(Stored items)
--*--

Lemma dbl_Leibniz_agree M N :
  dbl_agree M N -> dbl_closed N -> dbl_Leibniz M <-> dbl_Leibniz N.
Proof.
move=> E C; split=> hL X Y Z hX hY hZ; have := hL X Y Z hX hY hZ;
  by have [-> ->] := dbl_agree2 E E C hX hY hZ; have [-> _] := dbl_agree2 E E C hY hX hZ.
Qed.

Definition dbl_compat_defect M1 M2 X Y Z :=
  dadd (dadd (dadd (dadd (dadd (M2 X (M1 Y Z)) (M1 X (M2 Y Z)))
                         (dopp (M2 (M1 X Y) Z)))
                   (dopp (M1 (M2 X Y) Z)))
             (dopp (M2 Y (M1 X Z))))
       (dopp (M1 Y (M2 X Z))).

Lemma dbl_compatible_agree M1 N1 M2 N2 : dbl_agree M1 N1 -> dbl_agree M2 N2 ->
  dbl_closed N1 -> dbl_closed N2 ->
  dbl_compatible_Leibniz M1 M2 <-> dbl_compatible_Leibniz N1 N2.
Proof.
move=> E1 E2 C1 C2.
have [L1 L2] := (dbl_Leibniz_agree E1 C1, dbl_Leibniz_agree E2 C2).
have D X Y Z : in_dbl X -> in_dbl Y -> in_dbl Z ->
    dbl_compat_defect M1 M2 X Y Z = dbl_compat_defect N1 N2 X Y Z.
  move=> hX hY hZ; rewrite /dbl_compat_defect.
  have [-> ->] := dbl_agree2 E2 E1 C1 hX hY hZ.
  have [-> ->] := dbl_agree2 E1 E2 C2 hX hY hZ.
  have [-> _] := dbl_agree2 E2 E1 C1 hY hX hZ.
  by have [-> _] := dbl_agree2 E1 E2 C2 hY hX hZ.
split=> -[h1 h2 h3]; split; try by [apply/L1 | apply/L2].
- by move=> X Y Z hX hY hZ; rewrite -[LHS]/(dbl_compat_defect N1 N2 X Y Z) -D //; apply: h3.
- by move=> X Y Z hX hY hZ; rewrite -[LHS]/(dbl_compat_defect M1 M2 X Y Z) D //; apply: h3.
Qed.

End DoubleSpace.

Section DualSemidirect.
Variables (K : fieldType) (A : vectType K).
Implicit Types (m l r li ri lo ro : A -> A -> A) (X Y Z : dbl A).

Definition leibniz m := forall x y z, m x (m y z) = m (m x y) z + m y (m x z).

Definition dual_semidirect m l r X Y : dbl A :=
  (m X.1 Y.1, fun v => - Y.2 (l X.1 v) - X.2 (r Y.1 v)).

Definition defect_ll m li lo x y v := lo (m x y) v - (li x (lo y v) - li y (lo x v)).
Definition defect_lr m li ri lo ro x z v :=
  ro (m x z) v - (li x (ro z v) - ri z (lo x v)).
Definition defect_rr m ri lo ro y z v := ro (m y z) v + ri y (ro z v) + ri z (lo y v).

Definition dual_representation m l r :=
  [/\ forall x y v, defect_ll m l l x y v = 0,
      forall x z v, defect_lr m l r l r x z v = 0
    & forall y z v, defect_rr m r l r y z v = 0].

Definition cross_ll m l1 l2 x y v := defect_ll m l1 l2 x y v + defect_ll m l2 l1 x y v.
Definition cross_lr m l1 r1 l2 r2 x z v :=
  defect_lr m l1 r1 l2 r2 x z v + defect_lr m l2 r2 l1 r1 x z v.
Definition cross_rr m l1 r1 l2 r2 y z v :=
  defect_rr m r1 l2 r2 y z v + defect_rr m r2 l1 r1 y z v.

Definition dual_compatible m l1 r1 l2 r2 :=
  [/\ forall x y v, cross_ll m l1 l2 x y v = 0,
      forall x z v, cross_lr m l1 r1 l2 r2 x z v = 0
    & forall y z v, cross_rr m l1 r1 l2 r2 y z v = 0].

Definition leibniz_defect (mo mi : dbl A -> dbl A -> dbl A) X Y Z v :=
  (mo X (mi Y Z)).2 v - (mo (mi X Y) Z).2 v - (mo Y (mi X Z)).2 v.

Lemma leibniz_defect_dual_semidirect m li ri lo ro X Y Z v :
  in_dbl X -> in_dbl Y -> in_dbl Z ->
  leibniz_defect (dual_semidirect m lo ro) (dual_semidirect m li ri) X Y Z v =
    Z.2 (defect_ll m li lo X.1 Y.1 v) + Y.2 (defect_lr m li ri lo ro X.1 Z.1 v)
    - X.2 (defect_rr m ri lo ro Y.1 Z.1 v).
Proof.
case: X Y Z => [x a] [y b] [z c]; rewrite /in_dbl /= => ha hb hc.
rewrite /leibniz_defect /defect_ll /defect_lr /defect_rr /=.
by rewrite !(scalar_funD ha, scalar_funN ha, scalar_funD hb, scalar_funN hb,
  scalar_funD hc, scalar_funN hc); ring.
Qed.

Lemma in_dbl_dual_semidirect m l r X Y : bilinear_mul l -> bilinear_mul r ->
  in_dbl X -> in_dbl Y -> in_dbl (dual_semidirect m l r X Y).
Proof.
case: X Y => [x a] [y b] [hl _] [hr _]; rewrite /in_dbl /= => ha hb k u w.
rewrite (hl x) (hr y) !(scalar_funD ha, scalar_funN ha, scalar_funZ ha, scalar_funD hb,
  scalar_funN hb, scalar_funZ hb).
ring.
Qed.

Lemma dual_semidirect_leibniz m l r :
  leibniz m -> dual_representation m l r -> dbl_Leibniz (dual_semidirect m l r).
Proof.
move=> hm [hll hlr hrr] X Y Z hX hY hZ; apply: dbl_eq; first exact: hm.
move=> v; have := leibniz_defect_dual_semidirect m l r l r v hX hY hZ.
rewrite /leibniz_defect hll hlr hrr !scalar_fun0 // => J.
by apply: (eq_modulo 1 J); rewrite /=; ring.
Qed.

--*--

What you should do: Restate word for word the lines above, beginning at the first one and ending at the line that carries "Definition dbl_compat_defect M1".

Response box:
Lemma dbl_Leibniz_agree M N :
  dbl_agree M N -> dbl_closed N -> dbl_Leibniz M <-> dbl_Leibniz N.
Proof.
move=> E C; split=> hL X Y Z hX hY hZ; have := hL X Y Z hX hY hZ;
  by have [-> ->] := dbl_agree2 E E C hX hY hZ; have [-> _] := dbl_agree2 E E C hY hX hZ.
Qed.

Definition dbl_compat_defect M1 M2 X Y Z :=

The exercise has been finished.